What to work on>
Every line of the data below is to be retyped exactly.

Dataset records
>>>

(* For all integers $n\geq 1$ and $1\leq k\leq n$, $$\bigl|\{e\in\mathbf{I}_n(\underline{12}0):\mathrm{zero}(e)=k\}\bigr|=c_{n,k},$$ where the numbers $c_{n,k}$ are defined by $c_{1,1}=1$, $c_{n,0}=0$ for $n\geq1$, and $c_{n,k}=c_{n-1,k-1}+k\sum_{j=k}^{n-1}c_{n-1,j}$ for $n\geq 2$ and $1\leq k\leq n$ (with $c_{n-1,j}=0$ for $j>n-1$).
   Context: An inversion sequence of length $n$ is an integer sequence $e=e_1e_2\ldots e_n$ with $0\leq e_i<i$ for all $i$; the set of these is $\mathbf{I}_n$. A sequence $e$ avoids the vincular pattern $\underline{12}0$ if there are no indices $2\leq i<j\leq n$ with $e_j<e_{i-1}<e_i$; $\mathbf{I}_n(\underline{12}0)$ is the set of $\underline{12}0$-avoiding inversion sequences of length $n$. $\mathrm{zero}(e)$ is the number of entries of $e$ equal to $0$. *)

From mathcomp Require Import all_boot.
Set Implicit Arguments. Unset Strict Implicit. Unset Printing Implicit Defensive.

(* An inversion sequence of length n is encoded 0-based as e : {ffun 'I_n -> 'I_n}
   where e i stands for e_{i+1}; the condition 0 <= e_{i+1} < i+1 is e i <= i. *)
Definition inv_seq n (e : {ffun 'I_n -> 'I_n}) : bool :=
  [forall i : 'I_n, (e i <= i)%N].

(* avoids the vincular pattern 12_0 (underlined 12): no 2 <= i < j <= n
   (1-based) with e_j < e_{i-1} < e_i.  0-based: positions a = i-2, a+1 = i-1,
   c = j-1 with a+1 < c. *)
Definition avoids_120 n (e : {ffun 'I_n -> 'I_n}) : bool :=
  ~~ [exists a : 'I_n, exists b : 'I_n, exists c : 'I_n,
        [&& (b == a.+1 :> nat), (b < c)%N, (e c < e a)%N & (e a < e b)%N]].

Definition zero n (e : {ffun 'I_n -> 'I_n}) : nat :=
  #|[set i : 'I_n | (e i == 0 :> nat)]|.

Fixpoint cnk (n k : nat) {struct n} : nat :=
  match n with
  | 0 => 0
  | 1 => (k == 1)
  | (n'.+1) as m =>
      match k with
      | 0 => 0
      | k'.+1 => cnk n' k' + k * \sum_(k <= j < n'.+1) cnk n' j
      end
  end.

From mathcomp Require Import all_boot zify.
Set Implicit Arguments. Unset Strict Implicit. Unset Printing Implicit Defensive.

(* A 12_0-avoider t of length n+1
   with k+1 zeros either has no factor 10 (adjacent entries 1, 0), or the 0 of
   its last factor 10 is preceded by i zeros, 1 <= i <= k.  Avoidance forces
   every 0 after that position to come before every 1, so deleting the first
   entry (resp. the 1 of the last factor 10) and lowering all later entries by
   one can be undone: raise the later entries again, except the first k
   (resp. k+1) zeros.  For each of these k+1 classes this is a bijection onto
   the avoiders of length n with at least k (resp. k+1) zeros, hence
     c(n+1,k+1) = sum_{j>=k} c(n,j) + k sum_{j>=k+1} c(n,j)
                = c(n,k) + (k+1) sum_{j>=k+1} c(n,j). *)

Local Notation "t `_ j" := (nth 0 t j) : nat_scope.

Lemma count_bij (T1 T2 : eqType) (A : seq T1) (B : seq T2) (P : pred T1) (Q : pred T2)
    (f : T1 -> T2) (g : T2 -> T1) :
  uniq A -> uniq B ->
  (forall x, x \in A -> P x -> f x \in B /\ Q (f x)) ->
  (forall y, y \in B -> Q y -> g y \in A /\ P (g y)) ->
  (forall x, x \in A -> P x -> g (f x) = x) ->
  (forall y, y \in B -> Q y -> f (g y) = y) ->
  count P A = count Q B.
Proof.
move=> uA uB hf hg hgf hfg; rewrite -!size_filter -(size_map f).
apply/perm_size/uniq_perm; rewrite ?filter_uniq //.
  rewrite map_inj_in_uniq ?filter_uniq // => x y; rewrite !mem_filter.
  by move=> /andP [px ax] /andP [py ay] e; rewrite -(hgf x ax px) e hgf.
move=> y; rewrite mem_filter; apply/mapP/andP => [[x] | [qy yB]].
  by rewrite mem_filter => /andP [px ax] ->; have [] := hf x ax px.
by have [gA pg] := hg y yB qy; exists (g y); rewrite ?mem_filter ?pg ?hfg.
Qed.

<<<

Task answer>
(* For all integers $n\geq 1$ and $1\leq k\leq n$, $$\bigl|\{e\in\mathbf{I}_n(\underline{12}0):\mathrm{zero}(e)=k\}\bigr|=c_{n,k},$$ where the numbers $c_{n,k}$ are defined by $c_{1,1}=1$, $c_{n,0}=0$ for $n\geq1$, and $c_{n,k}=c_{n-1,k-1}+k\sum_{j=k}^{n-1}c_{n-1,j}$ for $n\geq 2$ and $1\leq k\leq n$ (with $c_{n-1,j}=0$ for $j>n-1$).
   Context: An inversion sequence of length $n$ is an integer sequence $e=e_1e_2\ldots e_n$ with $0\leq e_i<i$ for all $i$; the set of these is $\mathbf{I}_n$. A sequence $e$ avoids the vincular pattern $\underline{12}0$ if there are no indices $2\leq i<j\leq n$ with $e_j<e_{i-1}<e_i$; $\mathbf{I}_n(\underline{12}0)$ is the set of $\underline{12}0$-avoiding inversion sequences of length $n$. $\mathrm{zero}(e)$ is the number of entries of $e$ equal to $0$. *)

From mathcomp Require Import all_boot.
Set Implicit Arguments. Unset Strict Implicit. Unset Printing Implicit Defensive.

(* An inversion sequence of length n is encoded 0-based as e : {ffun 'I_n -> 'I_n}
   where e i stands for e_{i+1}; the condition 0 <= e_{i+1} < i+1 is e i <= i. *)
Definition inv_seq n (e : {ffun 'I_n -> 'I_n}) : bool :=
  [forall i : 'I_n, (e i <= i)%N].

(* avoids the vincular pattern 12_0 (underlined 12): no 2 <= i < j <= n
   (1-based) with e_j < e_{i-1} < e_i.  0-based: positions a = i-2, a+1 = i-1,
   c = j-1 with a+1 < c. *)
Definition avoids_120 n (e : {ffun 'I_n -> 'I_n}) : bool :=
  ~~ [exists a : 'I_n, exists b : 'I_n, exists c : 'I_n,
        [&& (b == a.+1 :> nat), (b < c)%N, (e c < e a)%N & (e a < e b)%N]].

Definition zero n (e : {ffun 'I_n -> 'I_n}) : nat :=
  #|[set i : 'I_n | (e i == 0 :> nat)]|.

Fixpoint cnk (n k : nat) {struct n} : nat :=
  match n with
  | 0 => 0
  | 1 => (k == 1)
  | (n'.+1) as m =>
      match k with
      | 0 => 0
      | k'.+1 => cnk n' k' + k * \sum_(k <= j < n'.+1) cnk n' j
      end
  end.

From mathcomp Require Import all_boot zify.
Set Implicit Arguments. Unset Strict Implicit. Unset Printing Implicit Defensive.

(* A 12_0-avoider t of length n+1
   with k+1 zeros either has no factor 10 (adjacent entries 1, 0), or the 0 of
   its last factor 10 is preceded by i zeros, 1 <= i <= k.  Avoidance forces
   every 0 after that position to come before every 1, so deleting the first
   entry (resp. the 1 of the last factor 10) and lowering all later entries by
   one can be undone: raise the later entries again, except the first k
   (resp. k+1) zeros.  For each of these k+1 classes this is a bijection onto
   the avoiders of length n with at least k (resp. k+1) zeros, hence
     c(n+1,k+1) = sum_{j>=k} c(n,j) + k sum_{j>=k+1} c(n,j)
                = c(n,k) + (k+1) sum_{j>=k+1} c(n,j). *)

Local Notation "t `_ j" := (nth 0 t j) : nat_scope.

Lemma count_bij (T1 T2 : eqType) (A : seq T1) (B : seq T2) (P : pred T1) (Q : pred T2)
    (f : T1 -> T2) (g : T2 -> T1) :
  uniq A -> uniq B ->
  (forall x, x \in A -> P x -> f x \in B /\ Q (f x)) ->
  (forall y, y \in B -> Q y -> g y \in A /\ P (g y)) ->
  (forall x, x \in A -> P x -> g (f x) = x) ->
  (forall y, y \in B -> Q y -> f (g y) = y) ->
  count P A = count Q B.
Proof.
move=> uA uB hf hg hgf hfg; rewrite -!size_filter -(size_map f).
apply/perm_size/uniq_perm; rewrite ?filter_uniq //.
  rewrite map_inj_in_uniq ?filter_uniq // => x y; rewrite !mem_filter.
  by move=> /andP [px ax] /andP [py ay] e; rewrite -(hgf x ax px) e hgf.
move=> y; rewrite mem_filter; apply/mapP/andP => [[x] | [qy yB]].
  by rewrite mem_filter => /andP [px ax] ->; have [] := hf x ax px.
by have [gA pg] := hg y yB qy; exists (g y); rewrite ?mem_filter ?pg ?hfg.
Qed.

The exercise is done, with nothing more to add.